* [AIM OF THE EXERCISE] Start at the line below containing "have fixed_r : r *+ 2 = y + r ^+ 2." and stop at the line containing "have twice_half (x". Repeat every line of that stretch exactly, and nothing outside it.

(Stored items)
# # #
Lemma sa_sqrt_one_sub : exists2 r, st r = r & 1 - y = r * r.
Proof.
have [r lim_r] := nrm_complete cauchy_sqrt_iter.
have sa_r : st r = r.
  apply/eqP; rewrite -subr_eq0; apply/eqP; apply: (@eq0_nrm_le_eps _ 2) => eps eps_gt0.
  have [N /(_ N (leqnn N))/ltW near] := lim_r eps eps_gt0.
  have -> : st r - r = st (r - s N) + (s N - r) by rewrite stB st_sqrt_iter addrA subrK.
  by apply: le_trans (nrmD _ _) _; rewrite nrm_st -nrmN opprB; lra.
have fixed_r : r *+ 2 = y + r ^+ 2.
  apply/eqP; rewrite eq_sym -subr_eq0; apply/eqP.
  apply: (@eq0_nrm_le_eps _ (4 + 2 * nrm r)) => eps eps_gt0.
  have [N near] := lim_r eps eps_gt0.
  have /ltW nearN := near N (leqnn N); have /ltW nearSN := near N.+1 (leqnSn N).
  have -> : y + r ^+ 2 - r *+ 2 = (s N.+1 - r) *+ 2 + (r - s N) * (s N + r).
    have twice_half (x : A) : (rone 2^-1 * x) *+ 2 = x.
      by rewrite -mulr_natl mulrA -rone_nat -roneM mulfV ?pnatr_eq0 // rone1 mul1r.
    by rewrite [s N.+1]/= mulrnBl twice_half; ring.
  apply: le_trans (nrmD _ _) _.
  rewrite -(mulr_natl (s N.+1 - r)) -rone_nat nrm_roneMl normr_nat.
  apply: le_trans (lerD (ler_wpM2l _ nearSN) (nrmM _ _)) _; first by [].
  have : nrm (s N + r) <= 1 + nrm r.
    apply: le_trans (nrmD _ _) _.
    by rewrite lerD2r (le_trans (nrm_sqrt_iter N)) ?sqrt_majorant_le1.
  rewrite -nrmN opprB in nearN.
  have := nrm_ge0 (s N + r); have := nrm_ge0 (r - s N); nra.
exists (1 - r); first by rewrite stB st1 sa_r.
have -> : y = r *+ 2 - r ^+ 2 by rewrite fixed_r addrK.
ring.
Qed.

End SqrtOneSub.

Lemma positive_rone_sub a t : st a = a -> nrm a <= t -> positive st (rone t - a).
Proof.
move=> sa_a le_at; have t_ge0 : 0 <= t := le_trans (nrm_ge0 a) le_at.
have [t0|t_neq0] := eqVneq t 0.
  have -> : a = 0 by apply: nrm_eq0; apply/eqP; rewrite eq_le nrm_ge0 -t0 le_at.
  by exists 0; rewrite t0 rone0 subr0 mulr0.
set y := rone t^-1 * a.
have sa_y : st y = y by rewrite /y st_roneMl sa_a.
have nrm_y : nrm y <= 1.
  by rewrite /y nrm_roneMl ger0_norm ?invr_ge0 // ler_pdivrMl ?mulr1 // lt_def t_neq0.
have [r sa_r def_r] := sa_sqrt_one_sub sa_y nrm_y.
exists (rone (Num.sqrt t) * r); rewrite st_roneMl sa_r.
have -> : rone t - a = rone t * (1 - y).
  by rewrite /y mulrBr mulr1 mulrA -roneM divff // rone1 mul1r.
by rewrite def_r -[t in rone t](sqr_sqrtr t_ge0) expr2 roneM; ring.
Qed.

Definition norm_positive a :=
  st a = a /\ exists c, nrm a <= c /\ nrm (rone c - a) <= c.
Theorem lemma4p2 (K : comNzRingType) (R : algType K)
    (L : lmodType K) (br : L -> L -> L) (X : 'I_3 -> 'I_3 -> R -> L)
    (R3 : lmodType K) (bar : R -> R3)
    (psi : L -> L -> {ffun U_index -> R3}) :
  free_with_basis_containing_one R ->
  is_stl3 br X ->
  stl3_decomposition br X ->
  is_R3_quotient bar ->
  (forall x (k : K) u v, psi x (k *: u + v) = k *: psi x u + psi x v) ->
  (forall y (k : K) u v, psi (k *: u + v) y = k *: psi u y + psi v y) ->
  (forall i j k l a b, i != j -> k != l ->
      psi (X i j a) (X k l b) = psi_gen bar i j k l a b) ->
  (forall h y, inH br X h -> psi h y = 0) ->
  (forall x h, inH br X h -> psi x h = 0) ->
  forall x y z : L, psi x (br y z) + psi (br x z) y - psi (br x y) z = 0.
Proof.
move=> _ [br_leib X_rel _] X_decomp bar_quot psi_linr psi_linl psi_XX psi_Hl psi_Hr x y z.
exact: (dpsi_eq0 br_leib X_rel X_decomp bar_quot psi_linr psi_linl psi_XX psi_Hl psi_Hr).
Qed.
Lemma coef0_le_A2norm (beta : R) (f : Disc -> C) : -1 < beta -> inA2 beta f ->
  Cmod (coef f 0) <= A2norm beta f.
Proof.
  intros Hb [_ Ef]. unfold A2norm.
  set (u := fun n => weight beta n * Cmod (coef f n) ^ 2) in *.
  assert (Htail : 0 <= Series (fun k => u (S k))).
  { rewrite <- (Series_single (fun _ => 0)) by reflexivity.
    apply Series_le; [|exact (proj1 (ex_series_incr_1 u) Ef)].
    intros n. split; [lra|]. apply Rmult_le_pos; [apply Rlt_le, weight_pos, Hb|apply pow2_ge_0]. }
  rewrite (Series_incr_1 _ Ef). unfold u at 1. rewrite weight0, Rmult_1_l.
  rewrite <- (sqrt_pow2 (Cmod (coef f 0))) at 1 by apply Cmod_ge_0.
  apply sqrt_le_1_alt. lra.
Qed.

Lemma A2inner_cst1_l (beta : R) (f : Disc -> C) :
  A2inner beta (cst (RtoC 1)) f = Cconj (coef f 0).
Proof.
  unfold A2inner, A2term. rewrite coef_cst, !Series_single.
  - rewrite weight0. apply injective_projections; simpl; ring.
  - intros k. simpl. ring.
  - intros k. simpl. ring.
Qed.

Lemma A2norm_sqrt_inner (beta : R) (f : Disc -> C) :
  A2norm beta f = sqrt (Re (A2inner beta f f)).
Proof.
  unfold A2norm. f_equal. apply Series_ext. intros n.
  unfold A2term. rewrite <- Cmod2_conj, re_scal_l. reflexivity.
Qed.

Section Conjugation.

Variables (beta : R) (J : (Disc -> C) -> Disc -> C).
Hypothesis (Hbeta : -1 < beta) (HJ : conjugation beta J).

Lemma conjugation_A2norm (f : Disc -> C) : inA2 beta f -> A2norm beta (J f) = A2norm beta f.
Proof.
  destruct HJ as [_ [_ [_ [_ Hinner]]]]. intros Hf.
  now rewrite !A2norm_sqrt_inner, Hinner.
Qed.

Lemma conjugation_fsub (f g : Disc -> C) : inA2 beta f -> inA2 beta g ->
  J (fsub f g) = fsub (J f) (J g).
Proof.
  destruct HJ as [_ [Hadd _]]. intros Hf Hg.
  assert (E : fadd (fsub f g) g = f)
    by (apply functional_extensionality; intros z; unfold fadd, fsub; ring).
  pose proof (Hadd _ _ (inA2_fsub _ _ _ Hbeta Hf Hg) Hg) as H. rewrite E in H.
  apply functional_extensionality. intros z. apply (f_equal (fun F => F z)) in H.
  unfold fadd, fsub in *. rewrite H. ring.
Qed.

End Conjugation.
Lemma source_coefficients_bounded (k B : R -> R) (T : R) : 0 <= T ->
  (forall (n : nat) (t : R), ex_derive (Derive_n k n) t) ->
  (forall (n : nat) (t : R), ex_derive (Derive_n B n) t) ->
  (forall t, 0 <= t <= T -> 0 < k t /\ 0 < B t) ->
  exists Kk Kb C, 0 <= Kk /\ 0 <= Kb /\ 0 <= C /\
    forall t, 0 <= t <= T -> Rabs (Derive k t / k t) <= Kk /\
      Rabs (B t * Derive B t) <= Kb /\ Rabs (relax_rate k B t) <= C.
Proof.
  intros HT Hk HB Hpos.
  assert (ck : forall t, continuity_pt k t)
    by (intro t; apply continuity_pt_of_ex_derive, (Hk 0%nat)).
  assert (cB : forall t, continuity_pt B t)
    by (intro t; apply continuity_pt_of_ex_derive, (HB 0%nat)).
  assert (cDk : forall t, continuity_pt (Derive k) t)
    by (intro t; apply continuity_pt_of_ex_derive, (Hk 1%nat)).
  assert (cDB : forall t, continuity_pt (Derive B) t)
    by (intro t; apply continuity_pt_of_ex_derive, (HB 1%nat)).
  destruct (bounded_on_compact (fun t => Derive k t / k t) T HT) as [Kk [HKk BKk]].
  { intros t Ht. apply continuity_pt_div; auto. destruct (Hpos t Ht); lra. }
  destruct (bounded_on_compact (fun t => B t * Derive B t) T HT) as [Kb [HKb BKb]].
  { intros t Ht. apply continuity_pt_mult; auto. }
  destruct (bounded_on_compact (relax_rate k B) T HT) as [C [HC BC]].
  { intros t Ht. destruct (Hpos t Ht). unfold relax_rate.
    apply continuity_pt_plus; apply continuity_pt_div; auto; try lra.
    apply continuity_pt_mult; auto. apply continuity_pt_const. intros ? ?; reflexivity. }
  exists Kk, Kb, C. repeat split; auto.
Qed.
# # #
* [RESPONSE]
have fixed_r : r *+ 2 = y + r ^+ 2.
  apply/eqP; rewrite eq_sym -subr_eq0; apply/eqP.
  apply: (@eq0_nrm_le_eps _ (4 + 2 * nrm r)) => eps eps_gt0.
  have [N near] := lim_r eps eps_gt0.
  have /ltW nearN := near N (leqnn N); have /ltW nearSN := near N.+1 (leqnSn N).
  have -> : y + r ^+ 2 - r *+ 2 = (s N.+1 - r) *+ 2 + (r - s N) * (s N + r).
    have twice_half (x : A) : (rone 2^-1 * x) *+ 2 = x.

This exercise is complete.